### The problem
In full and without alteration, print the entries.

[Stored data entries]
+-------+

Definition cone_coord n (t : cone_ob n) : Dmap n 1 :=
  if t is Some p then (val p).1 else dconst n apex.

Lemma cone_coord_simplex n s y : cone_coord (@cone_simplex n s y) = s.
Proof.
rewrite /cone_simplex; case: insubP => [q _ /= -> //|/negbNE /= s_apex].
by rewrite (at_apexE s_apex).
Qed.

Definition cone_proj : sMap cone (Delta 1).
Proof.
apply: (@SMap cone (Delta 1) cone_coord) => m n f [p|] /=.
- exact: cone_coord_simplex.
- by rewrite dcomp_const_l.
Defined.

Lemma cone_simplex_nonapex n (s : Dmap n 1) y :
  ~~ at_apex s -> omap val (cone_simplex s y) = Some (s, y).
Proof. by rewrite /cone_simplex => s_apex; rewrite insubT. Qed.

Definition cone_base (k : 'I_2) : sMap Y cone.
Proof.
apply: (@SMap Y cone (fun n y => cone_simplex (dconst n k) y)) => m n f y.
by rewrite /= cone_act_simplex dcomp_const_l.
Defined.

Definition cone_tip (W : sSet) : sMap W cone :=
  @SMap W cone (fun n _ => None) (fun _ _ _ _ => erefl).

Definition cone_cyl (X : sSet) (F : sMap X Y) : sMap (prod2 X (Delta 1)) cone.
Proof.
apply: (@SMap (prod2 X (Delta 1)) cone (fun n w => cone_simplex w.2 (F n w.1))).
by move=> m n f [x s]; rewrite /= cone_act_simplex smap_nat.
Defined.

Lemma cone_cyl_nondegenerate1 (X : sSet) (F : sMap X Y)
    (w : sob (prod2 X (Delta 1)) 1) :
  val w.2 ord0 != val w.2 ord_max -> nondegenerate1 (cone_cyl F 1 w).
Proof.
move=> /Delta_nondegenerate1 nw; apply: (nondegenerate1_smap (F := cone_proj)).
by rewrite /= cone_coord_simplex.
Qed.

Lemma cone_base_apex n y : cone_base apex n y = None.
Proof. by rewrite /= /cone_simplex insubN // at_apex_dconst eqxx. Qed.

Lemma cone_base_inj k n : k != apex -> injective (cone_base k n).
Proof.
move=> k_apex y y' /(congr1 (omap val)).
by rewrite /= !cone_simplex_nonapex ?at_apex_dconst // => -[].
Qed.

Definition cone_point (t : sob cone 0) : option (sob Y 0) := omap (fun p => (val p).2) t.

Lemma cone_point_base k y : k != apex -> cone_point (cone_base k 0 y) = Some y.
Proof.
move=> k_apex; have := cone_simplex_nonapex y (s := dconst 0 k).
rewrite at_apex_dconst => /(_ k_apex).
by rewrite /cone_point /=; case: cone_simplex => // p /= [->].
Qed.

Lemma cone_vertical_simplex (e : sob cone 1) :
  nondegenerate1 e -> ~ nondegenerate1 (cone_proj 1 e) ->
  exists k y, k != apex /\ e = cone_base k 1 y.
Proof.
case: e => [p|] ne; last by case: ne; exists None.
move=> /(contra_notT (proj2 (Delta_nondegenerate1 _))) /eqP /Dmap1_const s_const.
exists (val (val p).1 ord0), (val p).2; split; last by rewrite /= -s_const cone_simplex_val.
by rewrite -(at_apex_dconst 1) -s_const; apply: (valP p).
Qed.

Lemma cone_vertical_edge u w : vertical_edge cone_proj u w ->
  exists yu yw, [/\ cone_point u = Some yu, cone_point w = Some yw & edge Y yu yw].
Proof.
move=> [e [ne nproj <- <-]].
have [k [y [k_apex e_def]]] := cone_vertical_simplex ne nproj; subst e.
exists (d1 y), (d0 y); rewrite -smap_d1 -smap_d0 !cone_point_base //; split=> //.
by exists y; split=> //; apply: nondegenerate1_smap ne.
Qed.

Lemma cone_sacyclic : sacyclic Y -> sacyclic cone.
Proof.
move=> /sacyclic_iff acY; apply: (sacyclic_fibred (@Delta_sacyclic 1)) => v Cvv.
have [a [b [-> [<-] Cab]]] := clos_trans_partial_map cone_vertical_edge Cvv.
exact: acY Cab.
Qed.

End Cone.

+-------+

### Answer space
Definition cone_coord n (t : cone_ob n) : Dmap n 1 :=
  if t is Some p then (val p).1 else dconst n apex.

Lemma cone_coord_simplex n s y : cone_coord (@cone_simplex n s y) = s.
Proof.
rewrite /cone_simplex; case: insubP => [q _ /= -> //|/negbNE /= s_apex].
by rewrite (at_apexE s_apex).
Qed.

Definition cone_proj : sMap cone (Delta 1).
Proof.
apply: (@SMap cone (Delta 1) cone_coord) => m n f [p|] /=.
- exact: cone_coord_simplex.
- by rewrite dcomp_const_l.
Defined.

Lemma cone_simplex_nonapex n (s : Dmap n 1) y :
  ~~ at_apex s -> omap val (cone_simplex s y) = Some (s, y).
Proof. by rewrite /cone_simplex => s_apex; rewrite insubT. Qed.

Definition cone_base (k : 'I_2) : sMap Y cone.
Proof.
apply: (@SMap Y cone (fun n y => cone_simplex (dconst n k) y)) => m n f y.
by rewrite /= cone_act_simplex dcomp_const_l.
Defined.

Definition cone_tip (W : sSet) : sMap W cone :=
  @SMap W cone (fun n _ => None) (fun _ _ _ _ => erefl).

Definition cone_cyl (X : sSet) (F : sMap X Y) : sMap (prod2 X (Delta 1)) cone.
Proof.
apply: (@SMap (prod2 X (Delta 1)) cone (fun n w => cone_simplex w.2 (F n w.1))).
by move=> m n f [x s]; rewrite /= cone_act_simplex smap_nat.
Defined.

Lemma cone_cyl_nondegenerate1 (X : sSet) (F : sMap X Y)
    (w : sob (prod2 X (Delta 1)) 1) :
  val w.2 ord0 != val w.2 ord_max -> nondegenerate1 (cone_cyl F 1 w).
Proof.
move=> /Delta_nondegenerate1 nw; apply: (nondegenerate1_smap (F := cone_proj)).
by rewrite /= cone_coord_simplex.
Qed.

Lemma cone_base_apex n y : cone_base apex n y = None.
Proof. by rewrite /= /cone_simplex insubN // at_apex_dconst eqxx. Qed.

Lemma cone_base_inj k n : k != apex -> injective (cone_base k n).
Proof.
move=> k_apex y y' /(congr1 (omap val)).
by rewrite /= !cone_simplex_nonapex ?at_apex_dconst // => -[].
Qed.

Definition cone_point (t : sob cone 0) : option (sob Y 0) := omap (fun p => (val p).2) t.

Lemma cone_point_base k y : k != apex -> cone_point (cone_base k 0 y) = Some y.
Proof.
move=> k_apex; have := cone_simplex_nonapex y (s := dconst 0 k).
rewrite at_apex_dconst => /(_ k_apex).
by rewrite /cone_point /=; case: cone_simplex => // p /= [->].
Qed.

Lemma cone_vertical_simplex (e : sob cone 1) :
  nondegenerate1 e -> ~ nondegenerate1 (cone_proj 1 e) ->
  exists k y, k != apex /\ e = cone_base k 1 y.
Proof.
case: e => [p|] ne; last by case: ne; exists None.
move=> /(contra_notT (proj2 (Delta_nondegenerate1 _))) /eqP /Dmap1_const s_const.
exists (val (val p).1 ord0), (val p).2; split; last by rewrite /= -s_const cone_simplex_val.
by rewrite -(at_apex_dconst 1) -s_const; apply: (valP p).
Qed.

Lemma cone_vertical_edge u w : vertical_edge cone_proj u w ->
  exists yu yw, [/\ cone_point u = Some yu, cone_point w = Some yw & edge Y yu yw].
Proof.
move=> [e [ne nproj <- <-]].
have [k [y [k_apex e_def]]] := cone_vertical_simplex ne nproj; subst e.
exists (d1 y), (d0 y); rewrite -smap_d1 -smap_d0 !cone_point_base //; split=> //.
by exists y; split=> //; apply: nondegenerate1_smap ne.
Qed.

Lemma cone_sacyclic : sacyclic Y -> sacyclic cone.
Proof.
move=> /sacyclic_iff acY; apply: (sacyclic_fibred (@Delta_sacyclic 1)) => v Cvv.
have [a [b [-> [<-] Cab]]] := clos_trans_partial_map cone_vertical_edge Cvv.
exact: acY Cab.
Qed.

End Cone.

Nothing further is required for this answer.